Saved data entries:
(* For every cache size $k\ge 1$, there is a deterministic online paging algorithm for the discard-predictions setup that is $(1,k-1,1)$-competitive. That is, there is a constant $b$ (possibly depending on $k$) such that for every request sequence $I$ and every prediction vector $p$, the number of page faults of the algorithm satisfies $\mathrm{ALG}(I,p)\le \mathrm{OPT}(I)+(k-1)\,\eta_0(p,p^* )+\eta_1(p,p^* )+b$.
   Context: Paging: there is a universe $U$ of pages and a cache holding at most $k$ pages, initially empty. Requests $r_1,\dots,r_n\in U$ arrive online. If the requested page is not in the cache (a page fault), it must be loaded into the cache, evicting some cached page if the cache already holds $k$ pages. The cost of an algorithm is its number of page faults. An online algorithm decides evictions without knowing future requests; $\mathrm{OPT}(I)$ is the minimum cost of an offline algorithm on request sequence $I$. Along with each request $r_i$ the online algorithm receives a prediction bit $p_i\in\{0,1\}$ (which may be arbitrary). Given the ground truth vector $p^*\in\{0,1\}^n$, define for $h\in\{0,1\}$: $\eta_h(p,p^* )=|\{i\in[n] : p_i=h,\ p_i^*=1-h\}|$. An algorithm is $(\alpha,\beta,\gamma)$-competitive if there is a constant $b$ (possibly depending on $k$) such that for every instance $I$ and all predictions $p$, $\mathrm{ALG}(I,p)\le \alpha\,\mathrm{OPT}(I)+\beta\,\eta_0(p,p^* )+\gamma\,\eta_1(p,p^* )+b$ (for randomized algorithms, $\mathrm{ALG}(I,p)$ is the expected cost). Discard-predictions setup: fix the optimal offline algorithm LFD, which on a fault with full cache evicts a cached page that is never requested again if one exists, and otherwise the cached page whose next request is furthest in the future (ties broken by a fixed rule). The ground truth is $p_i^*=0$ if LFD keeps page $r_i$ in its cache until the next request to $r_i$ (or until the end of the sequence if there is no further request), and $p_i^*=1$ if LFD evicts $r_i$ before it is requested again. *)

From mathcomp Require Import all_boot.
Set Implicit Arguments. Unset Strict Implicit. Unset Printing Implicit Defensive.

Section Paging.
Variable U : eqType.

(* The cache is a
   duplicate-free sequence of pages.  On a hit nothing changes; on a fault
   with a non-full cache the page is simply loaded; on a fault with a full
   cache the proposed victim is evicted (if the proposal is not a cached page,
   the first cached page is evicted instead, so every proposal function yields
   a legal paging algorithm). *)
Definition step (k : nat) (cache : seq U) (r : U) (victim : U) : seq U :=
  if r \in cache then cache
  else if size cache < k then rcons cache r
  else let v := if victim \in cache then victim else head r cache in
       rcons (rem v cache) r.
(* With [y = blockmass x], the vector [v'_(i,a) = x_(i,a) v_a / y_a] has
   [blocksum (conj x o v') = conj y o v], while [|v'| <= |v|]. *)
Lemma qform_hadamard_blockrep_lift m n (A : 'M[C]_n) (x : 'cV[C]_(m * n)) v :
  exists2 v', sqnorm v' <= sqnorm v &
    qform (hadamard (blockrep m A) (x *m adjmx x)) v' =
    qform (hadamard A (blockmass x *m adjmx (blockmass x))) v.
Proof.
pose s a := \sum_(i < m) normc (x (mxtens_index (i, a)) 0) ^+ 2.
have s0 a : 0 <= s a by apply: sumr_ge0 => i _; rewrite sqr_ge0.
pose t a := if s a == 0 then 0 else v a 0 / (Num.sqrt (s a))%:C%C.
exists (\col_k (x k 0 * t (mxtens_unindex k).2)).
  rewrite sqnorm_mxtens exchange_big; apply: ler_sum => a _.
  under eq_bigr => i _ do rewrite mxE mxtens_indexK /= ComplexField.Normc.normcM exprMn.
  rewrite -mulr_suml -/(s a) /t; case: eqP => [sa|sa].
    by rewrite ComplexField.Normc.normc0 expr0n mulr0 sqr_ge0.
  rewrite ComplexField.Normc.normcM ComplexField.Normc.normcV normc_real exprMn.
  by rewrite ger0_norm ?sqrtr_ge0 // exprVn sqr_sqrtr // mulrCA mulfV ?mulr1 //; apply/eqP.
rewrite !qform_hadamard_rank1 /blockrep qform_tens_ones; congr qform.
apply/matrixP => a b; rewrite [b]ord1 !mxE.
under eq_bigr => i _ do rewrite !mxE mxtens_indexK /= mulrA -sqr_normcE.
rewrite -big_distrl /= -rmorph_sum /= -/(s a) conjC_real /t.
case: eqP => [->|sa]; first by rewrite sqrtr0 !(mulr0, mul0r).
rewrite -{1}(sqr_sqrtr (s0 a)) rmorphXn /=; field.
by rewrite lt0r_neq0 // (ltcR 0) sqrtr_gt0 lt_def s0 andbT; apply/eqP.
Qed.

WHAT YOU WILL DO: Starting at the line that has "exists2 v', sqnorm v' <= sqnorm v &" in the records above, restate word for word every line until the one that has "pose t a := if", and include that one as well.

REPLY TO THE TASK:
  exists2 v', sqnorm v' <= sqnorm v &
    qform (hadamard (blockrep m A) (x *m adjmx x)) v' =
    qform (hadamard A (blockmass x *m adjmx (blockmass x))) v.
Proof.
pose s a := \sum_(i < m) normc (x (mxtens_index (i, a)) 0) ^+ 2.
have s0 a : 0 <= s a by apply: sumr_ge0 => i _; rewrite sqr_ge0.
pose t a := if s a == 0 then 0 else v a 0 / (Num.sqrt (s a))%:C%C.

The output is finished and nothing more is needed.